Are Diamonds a CMO's new best friend?
Part 3 in the series of scaling generative AI in enterprise marketing functions
In Brief
As marketing departments mature with generative AI, a new barrier to value emerges – the operating model. CMOs will need to make 3 shifts to enable a next gen op model that unlocks the promise of agentic AI. The outcome is a "Dynamic Diamond", where a reinvented and empowered middle layer is the new engine of value. This means new roles for all layers of the organization and we explore the potential impact
At this point, your marketing team has likely overcome the barrier of getting started with gen AI. 74% of marketing orgs globally use generative AI in some capacity. Salesforce
The bad news: While improving, enterprise value from gen AI is still elusive. 2025 Wharton research shows that only 26% of large companies are realizing "substantial positive ROI".
The good news: CMOs are undaunted. Most enterprise CMOs have tasted success with efficiency wins and their optimism and confidence in the tech continues to increase every year - which is showing up in their budget plans. The volume of CMOs planning to invest more than $10M annually for the next three years increased by 14pp vs. 2024 (per BCG)
What happens if CMOs are successful?
Let’s assume that this group of smart, driven leaders who put their chips on the table end up overcoming the many significant hurdles to scaling and driving value from gen AI - and have moved to an agentic AI-powered function.
The result? A marketing function that dramatically increases their operational tempo, delivers far greater value for the company, and is positioned to inform the company strategy, not just activate against it.
In theory.
Why? As marketing organizations increase their gen AI maturity, a new bottleneck to value emerges quickly…The operating model.
The classic functional pyramid was built for scarcity
If you’ve worked in a large org, you have probably been part of some version of a classic functional pyramid model - with a top-down, command-and-control structure that really emerged as the most practical way to manage finite resources at scale.
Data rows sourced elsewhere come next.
(* There exists an antipodal $3$-splitting of $Q_2^4$, and there exists an antipodal $5$-splitting of $Q_2^8$.
   Context: $Q_2^n=\{0,1\}^n$. For $0\le m\le n$, an $m$-face of $Q_2^n$ is given by a tuple $a=(a_1,\dots,a_n)\in\{0,1,*\}^n$ with exactly $m$ entries equal to $*$; it denotes the set $\{x\in Q_2^n : x_i=a_i \text{ whenever } a_i\in\{0,1\}\}$. The direction of a face is the set of positions of its asterisks; two faces are parallel if they have the same direction, and two parallel faces $a,b$ are antipodal if $b_i=1-a_i$ at every non-asterisk position $i$. For positive integers $k<n$, an antipodal $k$-splitting of $Q_2^n$ is a collection of exactly $2^k$ $(n-k)$-faces whose union is $Q_2^n$ and which contains no pair of parallel non-antipodal faces. *)

From mathcomp Require Import all_boot.
Set Implicit Arguments. Unset Strict Implicit. Unset Printing Implicit Defensive.

Definition vertex (n : nat) := {ffun 'I_n -> bool}.

(* A face of Q_2^n : a tuple in {0,1,*}^n, encoded with None = '*',
   Some false = 0, Some true = 1. *)
Definition face (n : nat) := {ffun 'I_n -> option bool}.

Definition direction n (a : face n) : {set 'I_n} := [set i | a i == None].

Definition face_dim n (a : face n) : nat := #|direction a|.

Definition in_face n (a : face n) (x : vertex n) : bool :=
  [forall i, if a i is Some c then x i == c else true].

Definition parallel n (a b : face n) : bool := direction a == direction b.

Definition antipodal n (a b : face n) : bool :=
  parallel a b &&
  [forall i, if a i is Some c then b i == Some (~~ c) else true].

Definition antipodal_splitting (n k : nat) (S : {set face n}) : Prop :=
  [/\ 0 < k /\ k < n,
      #|S| = 2 ^ k,
      (forall a, a \in S -> face_dim a = n - k),
      (forall x : vertex n, exists2 a, a \in S & in_face a x) &
      (forall a b, a \in S -> b \in S -> a != b -> parallel a b -> antipodal a b)].
Arguments antipodal_splitting : clear implicits.

From mathcomp Require Import all_boot.
From Stdlib Require Import String Ascii.

Set Implicit Arguments. Unset Strict Implicit. Unset Printing Implicit Defensive.

(* Both splittings are exhibited explicitly; they are closed under taking the
   antipodal face (complementing every fixed coordinate).  All defining
   conditions are finite, so they are checked by evaluation. *)

(* The checks run on lists rather than on faces: cardinals and finfun
   application are blocked by opaque proofs and do not reduce under vm_compute.
   [nth None] reads missing letters as [*], so words are also checked to have
   length [n]. *)
Definition word := seq (option bool).

Definition face_of n (w : word) : face n := [ffun i : 'I_n => nth None w i].

Definition vertex_of n (v : seq bool) : vertex n := [ffun i : 'I_n => nth false v i].

Lemma all_iota_ord n (P : pred nat) : all P (iota 0 n) = [forall i : 'I_n, P i].
Proof.
apply/allP/forallP => [P_iota i | P_ord m].
  by apply: P_iota; rewrite mem_iota ltn_ord.
by rewrite mem_iota add0n => /andP[_ m_lt_n]; apply: (P_ord (Ordinal m_lt_n)).
Qed.

Lemma count_iota_ord n (P : pred nat) : count P (iota 0 n) = #|[pred i : 'I_n | P i]|.
Proof. by rewrite -val_enum_ord count_map -size_filter cardE enumT. Qed.

Lemma face_of_inj n : {in [pred w : word | size w == n] &, injective (face_of n)}.
Proof.
move=> u w /eqP size_u /eqP size_w /ffunP eq_uw.
apply: (@eq_from_nth _ None) => [|m]; first by rewrite size_u size_w.
by rewrite size_u => m_lt_n; have := eq_uw (Ordinal m_lt_n); rewrite !ffunE.
Qed.

Lemma vertex_of_enum n (x : vertex n) : vertex_of n [seq x i | i <- enum 'I_n] = x.
Proof.
by apply/ffunP => i; rewrite ffunE (nth_map i) ?size_enum_ord // nth_ord_enum.
Qed.

Section WordPredicates.

Variable n : nat.
Implicit Types (u w : word) (v : seq bool).

Definition word_dim w := count (fun i => nth None w i == None) (iota 0 n).

Definition word_contains w v :=
  all (fun i => if nth None w i is Some c then nth false v i == c else true) (iota 0 n).

Definition word_parallel u w :=
  all (fun i => (nth None u i == None) == (nth None w i == None)) (iota 0 n).

Definition word_opposite u w :=
  all (fun i => if nth None u i is Some c then nth None w i == Some (~~ c) else true)
    (iota 0 n).

Lemma face_dim_of w : face_dim (face_of n w) = word_dim w.
Proof.
by rewrite /word_dim count_iota_ord; apply: eq_card => i; rewrite !inE ffunE.
Qed.

Lemma in_face_of w v : in_face (face_of n w) (vertex_of n v) = word_contains w v.
Proof. by rewrite /word_contains all_iota_ord; apply: eq_forallb => i; rewrite !ffunE. Qed.

Lemma parallel_of u w : parallel (face_of n u) (face_of n w) = word_parallel u w.
Proof.
rewrite /parallel /word_parallel all_iota_ord.
apply/eqP/forallP => [eq_dir i | eq_stars]; last first.
  by apply/setP => i; rewrite !inE !ffunE (eqP (eq_stars i)).
by move/setP/(_ i): eq_dir; rewrite !inE !ffunE => ->.
Qed.

Lemma antipodal_of u w :
  antipodal (face_of n u) (face_of n w) = word_parallel u w && word_opposite u w.
Proof.
rewrite /antipodal parallel_of /word_opposite all_iota_ord; congr (_ && _).
by apply: eq_forallb => i; rewrite !ffunE.
Qed.

End WordPredicates.

Fixpoint bool_words n : seq (seq bool) :=
  if n is n'.+1 then [seq b :: v | b <- [:: false; true], v <- bool_words n'] else [:: [::]].

Lemma mem_bool_words (v : seq bool) : v \in bool_words (size v).
Proof.
elim: v => [|b v IHv] //=; rewrite cats0 mem_cat.
by case: b; apply/orP; [right | left]; apply/mapP; exists v.
Qed.

Definition antipodal_splitting_words n k (ws : seq word) : bool :=
  [&& 0 < k < n, uniq ws, size ws == 2 ^ k,
      all (fun w => (size w == n) && (word_dim n w == n - k)) ws,
      all (fun v => has (fun w => word_contains n w v) ws) (bool_words n) &
      all (fun u => all (fun w =>
        (u != w) ==> word_parallel n u w ==> word_opposite n u w) ws) ws].

Lemma antipodal_splitting_of_words n k (ws : seq word) :
  antipodal_splitting_words n k ws -> antipodal_splitting n k [set a in map (face_of n) ws].
Proof.
case/and5P => /andP[k_gt0 k_lt_n] ws_uniq /eqP size_ws /allP ws_faces /andP[cover anti].
have face_of_inj_ws : {in ws &, injective (face_of n)}.
  by move=> u w /ws_faces/andP[size_u _] /ws_faces/andP[size_w _]; apply: face_of_inj.
split=> //.
- by rewrite cardsE (card_uniqP _) ?size_map ?map_inj_in_uniq.
- by move=> a; rewrite inE => /mapP[w /ws_faces/andP[_ /eqP <-] ->]; apply: face_dim_of.
- move=> x; set v := [seq x i | i <- enum 'I_n].
  have v_word : v \in bool_words n.
    by have := mem_bool_words v; rewrite size_map size_enum_ord.
  have /hasP[w w_ws x_w] := allP cover v v_word.
  by exists (face_of n w); rewrite ?inE ?map_f // -(vertex_of_enum x) in_face_of.
- move=> a b; rewrite !inE => /mapP[u u_ws ->] /mapP[w w_ws ->] a_neq_b.
  have u_neq_w : u != w by apply: contraNneq a_neq_b => ->.
  rewrite parallel_of antipodal_of => par_uw; rewrite par_uw.
  by have /allP/(_ w w_ws) := allP anti u u_ws; rewrite u_neq_w par_uw.
Qed.

Definition letter (c : ascii) : option bool :=
  match c with "0"%char => Some false | "1"%char => Some true | _ => None end.

Fixpoint word_of_string (s : string) : word :=
  if s is String c s' then letter c :: word_of_string s' else [::].

Local Open Scope string_scope.

Definition splitting_Q4 : seq word := map word_of_string
  [:: "00*0"; "11*1"; "100*"; "011*"; "*100"; "*011"; "1*10"; "0*01"].

Definition splitting_Q8 : seq word := map word_of_string
  [:: "**0000*0"; "**1111*1"; "*0100**0"; "*1011**1";
      "*110**00"; "*001**11"; "0**1000*"; "1**0111*";
      "10*10**0"; "01*01**1"; "11*10*0*"; "00*01*1*";
      "**0*1000"; "**1*0111"; "*0101*0*"; "*1010*1*";
      "**11100*"; "**00011*"; "**00*100"; "**11*011";
      "0**1*100"; "1**0*011"; "1**111*0"; "0**000*1";
      "*11*0*10"; "*00*1*01"; "00*1**10"; "11*0**01";
      "1***1010"; "0***0101"; "01**1*10"; "10**0*01"].

Theorem proposition3 :
  (exists S : {set face 4}, antipodal_splitting 4 3 S) /\
  (exists S : {set face 8}, antipodal_splitting 8 5 S).
Proof.
split.
  by exists [set a in map (face_of 4) splitting_Q4]; apply/antipodal_splitting_of_words; vm_compute.
by exists [set a in map (face_of 8) splitting_Q8]; apply/antipodal_splitting_of_words; vm_compute.
Qed.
The pyramid shape naturally forms when span of control principles limit how many people any one manager can effectively supervise, creating layers that allocate decision-making authority and resource oversight throughout the organization.
But what happens when resources are not a constraint and you are in a scenario of abundance? Where an army of unlimited AI agents can work while you sleep?
Matan-Paul Shetrit, the head of product at writer.com, wrote this brilliant article that honed in on a key insight on why the role of an organization and it’s people will need to change…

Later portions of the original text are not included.